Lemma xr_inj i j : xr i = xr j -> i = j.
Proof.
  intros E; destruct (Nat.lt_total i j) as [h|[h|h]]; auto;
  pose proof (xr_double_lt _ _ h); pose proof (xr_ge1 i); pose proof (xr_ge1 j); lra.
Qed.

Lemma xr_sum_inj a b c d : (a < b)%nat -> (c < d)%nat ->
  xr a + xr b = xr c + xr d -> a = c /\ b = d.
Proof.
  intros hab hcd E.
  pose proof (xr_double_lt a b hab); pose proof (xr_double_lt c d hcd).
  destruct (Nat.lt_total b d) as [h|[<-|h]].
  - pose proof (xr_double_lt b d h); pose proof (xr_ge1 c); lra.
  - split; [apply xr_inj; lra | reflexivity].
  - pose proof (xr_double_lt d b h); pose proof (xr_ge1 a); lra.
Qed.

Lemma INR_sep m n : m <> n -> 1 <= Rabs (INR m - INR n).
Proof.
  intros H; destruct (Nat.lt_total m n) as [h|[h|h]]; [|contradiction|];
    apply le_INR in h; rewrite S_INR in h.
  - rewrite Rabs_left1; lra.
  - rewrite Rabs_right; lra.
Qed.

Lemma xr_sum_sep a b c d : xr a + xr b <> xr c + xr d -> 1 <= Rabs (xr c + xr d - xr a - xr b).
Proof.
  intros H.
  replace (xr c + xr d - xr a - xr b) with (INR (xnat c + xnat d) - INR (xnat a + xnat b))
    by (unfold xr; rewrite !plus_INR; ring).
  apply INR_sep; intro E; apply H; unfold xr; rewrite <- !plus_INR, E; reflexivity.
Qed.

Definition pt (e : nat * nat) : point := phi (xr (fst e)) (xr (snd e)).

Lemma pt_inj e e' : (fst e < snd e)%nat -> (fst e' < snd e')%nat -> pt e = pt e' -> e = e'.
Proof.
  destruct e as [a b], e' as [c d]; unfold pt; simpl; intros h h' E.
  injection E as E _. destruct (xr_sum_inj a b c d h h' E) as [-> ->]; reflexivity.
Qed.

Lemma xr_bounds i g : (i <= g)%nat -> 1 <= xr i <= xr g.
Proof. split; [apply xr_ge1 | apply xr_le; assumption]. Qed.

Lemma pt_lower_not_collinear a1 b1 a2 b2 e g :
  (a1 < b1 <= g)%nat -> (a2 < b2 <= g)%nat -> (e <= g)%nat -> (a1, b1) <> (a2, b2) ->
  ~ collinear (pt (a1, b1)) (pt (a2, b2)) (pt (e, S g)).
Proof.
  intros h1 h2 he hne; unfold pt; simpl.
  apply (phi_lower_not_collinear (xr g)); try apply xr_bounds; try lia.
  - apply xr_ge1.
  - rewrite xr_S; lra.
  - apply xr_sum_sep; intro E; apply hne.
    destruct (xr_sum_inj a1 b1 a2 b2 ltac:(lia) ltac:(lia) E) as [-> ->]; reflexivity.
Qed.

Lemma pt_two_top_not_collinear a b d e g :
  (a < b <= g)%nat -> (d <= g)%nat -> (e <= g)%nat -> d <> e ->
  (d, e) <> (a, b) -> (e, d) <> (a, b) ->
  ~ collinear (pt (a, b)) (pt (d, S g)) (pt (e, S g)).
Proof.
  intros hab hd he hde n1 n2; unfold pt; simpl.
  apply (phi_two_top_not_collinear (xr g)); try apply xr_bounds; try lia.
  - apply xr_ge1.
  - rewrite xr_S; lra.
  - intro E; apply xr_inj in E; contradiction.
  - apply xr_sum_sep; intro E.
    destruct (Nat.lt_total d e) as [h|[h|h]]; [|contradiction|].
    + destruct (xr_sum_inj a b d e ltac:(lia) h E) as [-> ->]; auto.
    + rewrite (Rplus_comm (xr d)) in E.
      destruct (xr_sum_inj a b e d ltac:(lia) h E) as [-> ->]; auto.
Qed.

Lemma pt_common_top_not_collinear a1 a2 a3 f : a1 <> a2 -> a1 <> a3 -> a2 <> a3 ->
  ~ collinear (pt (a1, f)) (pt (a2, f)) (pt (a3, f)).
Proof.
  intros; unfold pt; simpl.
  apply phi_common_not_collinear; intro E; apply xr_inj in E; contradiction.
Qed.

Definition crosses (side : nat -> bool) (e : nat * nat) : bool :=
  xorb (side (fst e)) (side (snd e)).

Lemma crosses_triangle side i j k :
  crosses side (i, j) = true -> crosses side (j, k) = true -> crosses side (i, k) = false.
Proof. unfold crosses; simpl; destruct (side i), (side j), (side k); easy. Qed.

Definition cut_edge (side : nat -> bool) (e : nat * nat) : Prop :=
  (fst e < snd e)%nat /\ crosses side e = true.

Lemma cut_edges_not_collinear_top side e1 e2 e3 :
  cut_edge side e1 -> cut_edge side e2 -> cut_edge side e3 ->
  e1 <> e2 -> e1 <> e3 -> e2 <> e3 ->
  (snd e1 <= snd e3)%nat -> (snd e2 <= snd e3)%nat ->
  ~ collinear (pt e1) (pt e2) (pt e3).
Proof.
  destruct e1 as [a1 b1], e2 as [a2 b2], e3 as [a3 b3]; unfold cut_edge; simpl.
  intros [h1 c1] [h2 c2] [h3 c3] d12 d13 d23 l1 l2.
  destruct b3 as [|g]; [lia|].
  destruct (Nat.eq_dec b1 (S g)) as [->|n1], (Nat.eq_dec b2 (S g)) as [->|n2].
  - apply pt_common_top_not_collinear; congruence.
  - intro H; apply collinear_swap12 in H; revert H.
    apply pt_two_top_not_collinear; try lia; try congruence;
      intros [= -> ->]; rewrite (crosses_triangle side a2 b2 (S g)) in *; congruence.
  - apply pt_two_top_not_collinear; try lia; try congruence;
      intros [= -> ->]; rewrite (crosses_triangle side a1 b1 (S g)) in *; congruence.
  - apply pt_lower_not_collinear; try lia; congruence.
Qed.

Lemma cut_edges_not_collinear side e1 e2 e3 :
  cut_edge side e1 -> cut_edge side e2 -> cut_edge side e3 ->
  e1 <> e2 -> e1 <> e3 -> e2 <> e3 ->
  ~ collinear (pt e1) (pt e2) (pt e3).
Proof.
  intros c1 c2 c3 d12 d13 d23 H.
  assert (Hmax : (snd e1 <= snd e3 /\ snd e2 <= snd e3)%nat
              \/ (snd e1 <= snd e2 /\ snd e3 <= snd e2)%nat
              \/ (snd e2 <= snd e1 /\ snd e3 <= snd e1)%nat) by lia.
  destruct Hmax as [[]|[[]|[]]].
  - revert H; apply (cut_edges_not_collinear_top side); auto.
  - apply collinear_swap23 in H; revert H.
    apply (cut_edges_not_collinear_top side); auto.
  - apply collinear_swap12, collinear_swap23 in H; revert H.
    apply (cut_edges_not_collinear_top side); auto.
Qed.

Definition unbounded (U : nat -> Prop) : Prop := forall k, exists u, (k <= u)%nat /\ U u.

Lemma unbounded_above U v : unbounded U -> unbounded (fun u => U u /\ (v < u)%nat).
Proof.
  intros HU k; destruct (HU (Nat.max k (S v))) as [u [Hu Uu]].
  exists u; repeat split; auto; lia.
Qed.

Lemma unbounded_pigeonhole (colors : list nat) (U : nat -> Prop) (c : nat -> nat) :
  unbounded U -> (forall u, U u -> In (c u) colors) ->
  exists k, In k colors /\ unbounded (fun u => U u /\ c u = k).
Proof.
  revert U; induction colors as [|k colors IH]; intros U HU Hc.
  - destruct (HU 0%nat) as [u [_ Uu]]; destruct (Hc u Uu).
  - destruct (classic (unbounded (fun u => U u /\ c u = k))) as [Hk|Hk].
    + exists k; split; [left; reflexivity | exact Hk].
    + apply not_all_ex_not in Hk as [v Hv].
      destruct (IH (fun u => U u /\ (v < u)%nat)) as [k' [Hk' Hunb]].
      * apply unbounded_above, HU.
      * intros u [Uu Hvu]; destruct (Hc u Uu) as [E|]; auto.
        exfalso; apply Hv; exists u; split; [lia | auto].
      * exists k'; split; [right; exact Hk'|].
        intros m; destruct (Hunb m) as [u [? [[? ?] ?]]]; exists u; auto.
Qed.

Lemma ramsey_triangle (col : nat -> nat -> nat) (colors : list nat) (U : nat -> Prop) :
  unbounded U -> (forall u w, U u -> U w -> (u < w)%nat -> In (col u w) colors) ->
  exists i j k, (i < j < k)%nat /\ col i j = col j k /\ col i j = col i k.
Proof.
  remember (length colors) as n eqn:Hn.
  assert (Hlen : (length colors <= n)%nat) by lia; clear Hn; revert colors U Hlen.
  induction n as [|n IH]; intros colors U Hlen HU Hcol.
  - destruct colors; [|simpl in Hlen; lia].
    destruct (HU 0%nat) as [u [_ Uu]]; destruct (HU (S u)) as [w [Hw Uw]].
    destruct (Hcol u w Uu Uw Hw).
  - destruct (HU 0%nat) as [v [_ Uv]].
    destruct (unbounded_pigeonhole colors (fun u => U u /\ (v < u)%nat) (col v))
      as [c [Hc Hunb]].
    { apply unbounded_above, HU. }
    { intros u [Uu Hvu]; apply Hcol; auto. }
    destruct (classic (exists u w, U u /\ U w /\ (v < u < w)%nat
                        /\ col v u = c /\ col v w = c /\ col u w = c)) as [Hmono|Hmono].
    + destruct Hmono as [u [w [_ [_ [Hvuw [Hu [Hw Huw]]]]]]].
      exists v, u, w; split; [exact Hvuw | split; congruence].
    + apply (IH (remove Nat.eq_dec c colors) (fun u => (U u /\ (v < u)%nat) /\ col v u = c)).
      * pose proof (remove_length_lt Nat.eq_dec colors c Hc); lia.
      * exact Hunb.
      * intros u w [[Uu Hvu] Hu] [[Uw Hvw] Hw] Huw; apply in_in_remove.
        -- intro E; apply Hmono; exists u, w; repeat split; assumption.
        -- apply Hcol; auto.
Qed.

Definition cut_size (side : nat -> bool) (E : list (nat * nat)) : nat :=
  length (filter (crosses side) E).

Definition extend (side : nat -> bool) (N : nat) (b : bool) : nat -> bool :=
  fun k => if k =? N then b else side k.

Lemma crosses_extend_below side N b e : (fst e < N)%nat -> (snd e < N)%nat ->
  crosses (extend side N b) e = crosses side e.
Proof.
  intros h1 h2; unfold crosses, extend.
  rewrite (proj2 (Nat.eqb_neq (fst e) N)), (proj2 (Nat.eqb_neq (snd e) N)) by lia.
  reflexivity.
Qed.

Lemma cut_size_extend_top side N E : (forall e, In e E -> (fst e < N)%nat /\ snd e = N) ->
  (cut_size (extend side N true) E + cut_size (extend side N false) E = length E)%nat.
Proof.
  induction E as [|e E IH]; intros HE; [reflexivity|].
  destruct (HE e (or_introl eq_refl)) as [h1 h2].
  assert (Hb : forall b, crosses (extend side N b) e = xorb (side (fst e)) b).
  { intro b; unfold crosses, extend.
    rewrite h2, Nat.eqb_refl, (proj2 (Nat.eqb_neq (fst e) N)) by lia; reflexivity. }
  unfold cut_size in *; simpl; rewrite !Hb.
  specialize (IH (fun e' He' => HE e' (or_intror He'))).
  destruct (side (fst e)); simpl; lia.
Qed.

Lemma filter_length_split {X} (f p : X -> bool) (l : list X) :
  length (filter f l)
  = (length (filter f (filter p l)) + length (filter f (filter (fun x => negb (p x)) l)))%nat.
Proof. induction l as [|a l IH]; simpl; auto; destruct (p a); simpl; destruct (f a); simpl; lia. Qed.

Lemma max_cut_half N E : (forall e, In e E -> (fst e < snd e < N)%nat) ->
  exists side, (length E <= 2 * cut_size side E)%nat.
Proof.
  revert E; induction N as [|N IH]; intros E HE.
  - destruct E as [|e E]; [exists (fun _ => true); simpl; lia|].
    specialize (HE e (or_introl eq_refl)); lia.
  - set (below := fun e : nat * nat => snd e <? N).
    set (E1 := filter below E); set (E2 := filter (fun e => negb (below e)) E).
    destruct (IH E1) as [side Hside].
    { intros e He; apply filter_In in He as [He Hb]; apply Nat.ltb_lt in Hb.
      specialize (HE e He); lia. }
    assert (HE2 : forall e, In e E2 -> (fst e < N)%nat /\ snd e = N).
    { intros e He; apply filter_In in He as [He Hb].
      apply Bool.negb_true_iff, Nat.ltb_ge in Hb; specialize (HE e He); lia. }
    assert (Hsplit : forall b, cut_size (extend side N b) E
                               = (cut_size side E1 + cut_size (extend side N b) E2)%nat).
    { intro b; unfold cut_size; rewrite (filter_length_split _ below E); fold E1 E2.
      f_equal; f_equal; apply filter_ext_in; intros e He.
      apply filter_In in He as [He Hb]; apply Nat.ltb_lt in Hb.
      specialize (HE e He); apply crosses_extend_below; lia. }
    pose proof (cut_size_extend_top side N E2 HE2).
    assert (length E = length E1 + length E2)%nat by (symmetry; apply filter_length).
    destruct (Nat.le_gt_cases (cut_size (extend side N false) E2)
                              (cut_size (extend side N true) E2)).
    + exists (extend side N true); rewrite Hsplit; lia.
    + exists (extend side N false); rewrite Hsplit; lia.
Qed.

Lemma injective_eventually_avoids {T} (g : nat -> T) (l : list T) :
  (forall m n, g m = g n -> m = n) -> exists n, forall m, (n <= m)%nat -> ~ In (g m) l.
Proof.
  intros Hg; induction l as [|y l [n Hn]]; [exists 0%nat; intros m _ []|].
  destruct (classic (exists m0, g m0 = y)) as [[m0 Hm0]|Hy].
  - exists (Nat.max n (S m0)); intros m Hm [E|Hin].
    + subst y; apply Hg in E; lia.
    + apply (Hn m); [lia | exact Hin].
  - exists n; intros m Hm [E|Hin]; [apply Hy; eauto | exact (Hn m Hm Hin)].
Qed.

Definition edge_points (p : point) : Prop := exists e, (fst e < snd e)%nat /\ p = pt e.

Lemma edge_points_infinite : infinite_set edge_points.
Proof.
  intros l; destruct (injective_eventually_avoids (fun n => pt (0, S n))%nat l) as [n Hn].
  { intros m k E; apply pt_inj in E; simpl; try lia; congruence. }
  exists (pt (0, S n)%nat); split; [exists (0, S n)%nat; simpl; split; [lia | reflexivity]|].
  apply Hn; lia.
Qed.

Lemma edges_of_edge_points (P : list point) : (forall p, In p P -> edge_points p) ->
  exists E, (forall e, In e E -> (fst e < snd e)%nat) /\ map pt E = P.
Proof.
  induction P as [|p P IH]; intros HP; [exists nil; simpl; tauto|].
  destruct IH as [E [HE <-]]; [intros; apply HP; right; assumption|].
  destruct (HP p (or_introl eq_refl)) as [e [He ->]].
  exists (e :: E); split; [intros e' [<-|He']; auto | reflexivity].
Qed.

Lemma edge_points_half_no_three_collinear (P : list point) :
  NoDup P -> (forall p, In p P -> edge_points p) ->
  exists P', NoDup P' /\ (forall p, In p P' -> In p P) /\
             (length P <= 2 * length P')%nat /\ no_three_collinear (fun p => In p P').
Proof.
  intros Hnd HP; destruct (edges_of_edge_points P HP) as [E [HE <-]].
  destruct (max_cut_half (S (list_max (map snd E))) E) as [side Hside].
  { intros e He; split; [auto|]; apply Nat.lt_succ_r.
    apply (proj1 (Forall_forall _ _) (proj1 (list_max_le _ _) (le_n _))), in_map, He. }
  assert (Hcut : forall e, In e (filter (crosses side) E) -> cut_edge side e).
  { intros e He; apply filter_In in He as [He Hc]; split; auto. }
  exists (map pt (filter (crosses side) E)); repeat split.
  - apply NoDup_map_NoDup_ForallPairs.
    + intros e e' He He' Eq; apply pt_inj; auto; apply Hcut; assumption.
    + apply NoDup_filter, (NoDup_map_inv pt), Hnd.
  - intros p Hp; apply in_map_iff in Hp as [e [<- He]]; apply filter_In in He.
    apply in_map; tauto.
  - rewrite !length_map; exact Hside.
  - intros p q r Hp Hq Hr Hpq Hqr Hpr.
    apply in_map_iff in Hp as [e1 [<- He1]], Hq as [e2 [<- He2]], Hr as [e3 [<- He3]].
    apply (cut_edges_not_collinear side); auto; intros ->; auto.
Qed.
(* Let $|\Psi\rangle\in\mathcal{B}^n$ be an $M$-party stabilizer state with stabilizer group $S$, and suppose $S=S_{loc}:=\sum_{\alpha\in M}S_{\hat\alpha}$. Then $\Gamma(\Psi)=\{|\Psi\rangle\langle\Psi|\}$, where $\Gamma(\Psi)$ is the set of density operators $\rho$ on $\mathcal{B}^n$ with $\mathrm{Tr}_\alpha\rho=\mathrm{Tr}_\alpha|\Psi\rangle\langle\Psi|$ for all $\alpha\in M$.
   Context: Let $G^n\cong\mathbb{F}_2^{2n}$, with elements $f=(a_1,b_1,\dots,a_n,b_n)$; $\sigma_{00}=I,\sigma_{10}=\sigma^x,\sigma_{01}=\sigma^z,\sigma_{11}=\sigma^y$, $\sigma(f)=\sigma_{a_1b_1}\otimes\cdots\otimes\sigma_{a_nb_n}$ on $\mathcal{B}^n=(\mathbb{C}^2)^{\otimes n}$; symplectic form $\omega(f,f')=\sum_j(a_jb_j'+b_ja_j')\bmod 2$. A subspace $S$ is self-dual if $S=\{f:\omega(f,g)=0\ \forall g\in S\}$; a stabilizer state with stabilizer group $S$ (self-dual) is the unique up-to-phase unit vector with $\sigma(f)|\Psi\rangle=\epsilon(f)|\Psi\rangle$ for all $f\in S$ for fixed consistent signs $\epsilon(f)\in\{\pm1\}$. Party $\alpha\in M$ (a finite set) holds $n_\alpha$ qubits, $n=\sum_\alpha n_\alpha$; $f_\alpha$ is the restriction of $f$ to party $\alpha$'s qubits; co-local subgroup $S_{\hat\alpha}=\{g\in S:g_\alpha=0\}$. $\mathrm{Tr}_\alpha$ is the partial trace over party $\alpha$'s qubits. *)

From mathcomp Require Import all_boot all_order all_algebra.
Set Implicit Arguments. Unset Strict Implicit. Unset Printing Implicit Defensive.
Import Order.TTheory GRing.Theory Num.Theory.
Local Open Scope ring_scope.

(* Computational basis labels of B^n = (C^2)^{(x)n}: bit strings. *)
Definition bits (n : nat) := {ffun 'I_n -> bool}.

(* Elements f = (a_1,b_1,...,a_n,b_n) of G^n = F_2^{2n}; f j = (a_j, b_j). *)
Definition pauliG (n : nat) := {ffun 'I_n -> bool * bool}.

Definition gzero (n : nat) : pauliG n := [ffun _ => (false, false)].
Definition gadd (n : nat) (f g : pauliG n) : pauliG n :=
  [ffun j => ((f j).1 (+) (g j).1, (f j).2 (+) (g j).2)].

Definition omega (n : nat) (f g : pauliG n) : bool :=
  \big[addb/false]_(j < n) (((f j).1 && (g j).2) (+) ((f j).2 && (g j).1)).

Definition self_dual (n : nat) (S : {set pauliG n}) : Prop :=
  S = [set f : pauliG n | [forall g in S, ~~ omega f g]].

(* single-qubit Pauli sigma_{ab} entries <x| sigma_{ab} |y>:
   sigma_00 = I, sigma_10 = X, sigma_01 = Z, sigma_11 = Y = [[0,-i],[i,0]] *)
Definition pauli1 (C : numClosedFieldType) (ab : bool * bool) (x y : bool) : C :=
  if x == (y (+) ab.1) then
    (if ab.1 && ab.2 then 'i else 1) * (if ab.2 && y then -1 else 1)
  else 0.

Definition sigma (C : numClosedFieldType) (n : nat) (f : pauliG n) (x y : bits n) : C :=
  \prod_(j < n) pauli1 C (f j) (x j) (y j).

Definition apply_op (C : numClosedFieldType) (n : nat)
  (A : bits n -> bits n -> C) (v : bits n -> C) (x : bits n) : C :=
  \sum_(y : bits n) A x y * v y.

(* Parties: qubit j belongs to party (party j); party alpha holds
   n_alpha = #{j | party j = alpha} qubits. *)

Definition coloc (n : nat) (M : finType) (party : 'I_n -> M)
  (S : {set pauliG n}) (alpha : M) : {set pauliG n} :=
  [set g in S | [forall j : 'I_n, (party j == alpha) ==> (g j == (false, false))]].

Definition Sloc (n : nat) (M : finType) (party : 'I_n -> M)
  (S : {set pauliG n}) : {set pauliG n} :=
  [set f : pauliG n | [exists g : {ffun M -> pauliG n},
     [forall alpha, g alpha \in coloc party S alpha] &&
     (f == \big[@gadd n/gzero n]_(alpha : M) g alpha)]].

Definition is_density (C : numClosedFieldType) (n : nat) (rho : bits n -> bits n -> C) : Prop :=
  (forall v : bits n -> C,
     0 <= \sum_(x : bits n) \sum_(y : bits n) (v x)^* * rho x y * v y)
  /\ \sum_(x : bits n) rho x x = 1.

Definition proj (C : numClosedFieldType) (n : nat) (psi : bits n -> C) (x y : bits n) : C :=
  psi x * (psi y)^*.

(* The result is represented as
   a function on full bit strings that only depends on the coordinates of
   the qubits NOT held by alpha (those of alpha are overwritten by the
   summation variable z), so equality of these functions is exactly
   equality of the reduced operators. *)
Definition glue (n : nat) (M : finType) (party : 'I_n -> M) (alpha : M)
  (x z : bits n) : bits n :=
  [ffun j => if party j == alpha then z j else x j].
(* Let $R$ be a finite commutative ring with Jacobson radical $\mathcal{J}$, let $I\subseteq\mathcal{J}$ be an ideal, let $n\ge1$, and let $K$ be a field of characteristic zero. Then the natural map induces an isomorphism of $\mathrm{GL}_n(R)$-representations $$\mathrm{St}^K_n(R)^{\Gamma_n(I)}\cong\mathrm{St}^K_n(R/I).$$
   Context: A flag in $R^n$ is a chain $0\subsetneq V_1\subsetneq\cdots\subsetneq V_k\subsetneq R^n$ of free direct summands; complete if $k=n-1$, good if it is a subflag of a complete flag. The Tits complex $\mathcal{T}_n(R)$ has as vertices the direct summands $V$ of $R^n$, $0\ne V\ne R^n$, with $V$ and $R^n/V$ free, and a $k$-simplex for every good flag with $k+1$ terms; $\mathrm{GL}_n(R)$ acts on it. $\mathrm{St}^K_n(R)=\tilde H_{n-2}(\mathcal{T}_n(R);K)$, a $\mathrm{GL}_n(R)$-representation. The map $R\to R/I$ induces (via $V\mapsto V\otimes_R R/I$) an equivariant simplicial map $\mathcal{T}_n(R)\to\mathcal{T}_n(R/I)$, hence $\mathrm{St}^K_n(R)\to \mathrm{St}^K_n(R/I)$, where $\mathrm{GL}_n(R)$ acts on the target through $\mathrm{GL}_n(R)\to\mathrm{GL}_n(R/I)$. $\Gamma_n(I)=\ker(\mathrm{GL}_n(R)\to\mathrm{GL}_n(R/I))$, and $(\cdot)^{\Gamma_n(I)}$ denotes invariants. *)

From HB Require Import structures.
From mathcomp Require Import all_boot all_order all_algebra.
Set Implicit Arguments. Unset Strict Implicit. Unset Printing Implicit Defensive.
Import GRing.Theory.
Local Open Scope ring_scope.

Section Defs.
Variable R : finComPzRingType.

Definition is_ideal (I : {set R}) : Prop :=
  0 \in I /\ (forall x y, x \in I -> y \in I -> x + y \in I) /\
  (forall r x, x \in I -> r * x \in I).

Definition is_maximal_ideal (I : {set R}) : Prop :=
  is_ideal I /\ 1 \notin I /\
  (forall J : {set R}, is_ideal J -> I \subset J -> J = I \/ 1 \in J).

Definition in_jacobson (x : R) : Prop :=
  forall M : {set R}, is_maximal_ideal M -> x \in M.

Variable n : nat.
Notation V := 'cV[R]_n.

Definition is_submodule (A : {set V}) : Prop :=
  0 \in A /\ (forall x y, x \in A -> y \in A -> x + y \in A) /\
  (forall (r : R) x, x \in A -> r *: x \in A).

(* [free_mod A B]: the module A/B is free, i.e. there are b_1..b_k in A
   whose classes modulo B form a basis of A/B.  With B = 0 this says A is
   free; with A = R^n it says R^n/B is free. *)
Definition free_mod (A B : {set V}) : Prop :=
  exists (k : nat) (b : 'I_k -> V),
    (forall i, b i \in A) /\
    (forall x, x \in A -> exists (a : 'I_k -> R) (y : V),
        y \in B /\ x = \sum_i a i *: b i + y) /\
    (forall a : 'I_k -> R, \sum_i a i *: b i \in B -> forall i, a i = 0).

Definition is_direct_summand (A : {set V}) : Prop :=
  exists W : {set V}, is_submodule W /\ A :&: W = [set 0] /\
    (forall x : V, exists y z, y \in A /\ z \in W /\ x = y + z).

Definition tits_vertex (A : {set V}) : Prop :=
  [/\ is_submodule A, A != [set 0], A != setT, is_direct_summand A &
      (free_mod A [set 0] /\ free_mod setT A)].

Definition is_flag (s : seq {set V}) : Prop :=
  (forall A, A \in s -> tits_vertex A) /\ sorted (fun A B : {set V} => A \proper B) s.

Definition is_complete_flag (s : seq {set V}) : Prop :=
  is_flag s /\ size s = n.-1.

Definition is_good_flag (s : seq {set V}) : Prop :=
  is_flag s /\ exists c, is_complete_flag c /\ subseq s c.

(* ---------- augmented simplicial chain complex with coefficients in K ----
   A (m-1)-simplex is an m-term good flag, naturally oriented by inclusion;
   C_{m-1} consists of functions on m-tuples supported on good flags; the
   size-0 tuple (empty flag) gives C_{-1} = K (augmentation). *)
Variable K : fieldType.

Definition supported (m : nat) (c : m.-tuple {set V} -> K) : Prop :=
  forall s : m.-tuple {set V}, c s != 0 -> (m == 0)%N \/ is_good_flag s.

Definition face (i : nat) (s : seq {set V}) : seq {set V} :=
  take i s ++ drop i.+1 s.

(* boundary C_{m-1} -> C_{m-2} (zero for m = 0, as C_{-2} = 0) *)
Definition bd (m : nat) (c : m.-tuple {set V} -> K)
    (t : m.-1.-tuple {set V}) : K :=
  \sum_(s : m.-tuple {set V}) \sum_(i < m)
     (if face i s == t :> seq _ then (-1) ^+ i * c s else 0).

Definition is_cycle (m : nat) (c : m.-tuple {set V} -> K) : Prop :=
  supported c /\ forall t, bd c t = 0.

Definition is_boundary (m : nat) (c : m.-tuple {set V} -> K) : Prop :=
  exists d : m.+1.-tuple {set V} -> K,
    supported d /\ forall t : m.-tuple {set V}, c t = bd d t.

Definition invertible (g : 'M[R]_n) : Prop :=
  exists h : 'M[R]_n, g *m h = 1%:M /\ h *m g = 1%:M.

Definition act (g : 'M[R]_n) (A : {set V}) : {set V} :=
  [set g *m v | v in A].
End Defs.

* THE TASK: The answer must consist solely of the lines from the first line of the data to the line holding "- rewrite Rabs_right; lra.", each given again exactly.

* TASK RESPONSE:
Lemma xr_inj i j : xr i = xr j -> i = j.
Proof.
  intros E; destruct (Nat.lt_total i j) as [h|[h|h]]; auto;
  pose proof (xr_double_lt _ _ h); pose proof (xr_ge1 i); pose proof (xr_ge1 j); lra.
Qed.

Lemma xr_sum_inj a b c d : (a < b)%nat -> (c < d)%nat ->
  xr a + xr b = xr c + xr d -> a = c /\ b = d.
Proof.
  intros hab hcd E.
  pose proof (xr_double_lt a b hab); pose proof (xr_double_lt c d hcd).
  destruct (Nat.lt_total b d) as [h|[<-|h]].
  - pose proof (xr_double_lt b d h); pose proof (xr_ge1 c); lra.
  - split; [apply xr_inj; lra | reflexivity].
  - pose proof (xr_double_lt d b h); pose proof (xr_ge1 a); lra.
Qed.

Lemma INR_sep m n : m <> n -> 1 <= Rabs (INR m - INR n).
Proof.
  intros H; destruct (Nat.lt_total m n) as [h|[h|h]]; [|contradiction|];
    apply le_INR in h; rewrite S_INR in h.
  - rewrite Rabs_left1; lra.
  - rewrite Rabs_right; lra.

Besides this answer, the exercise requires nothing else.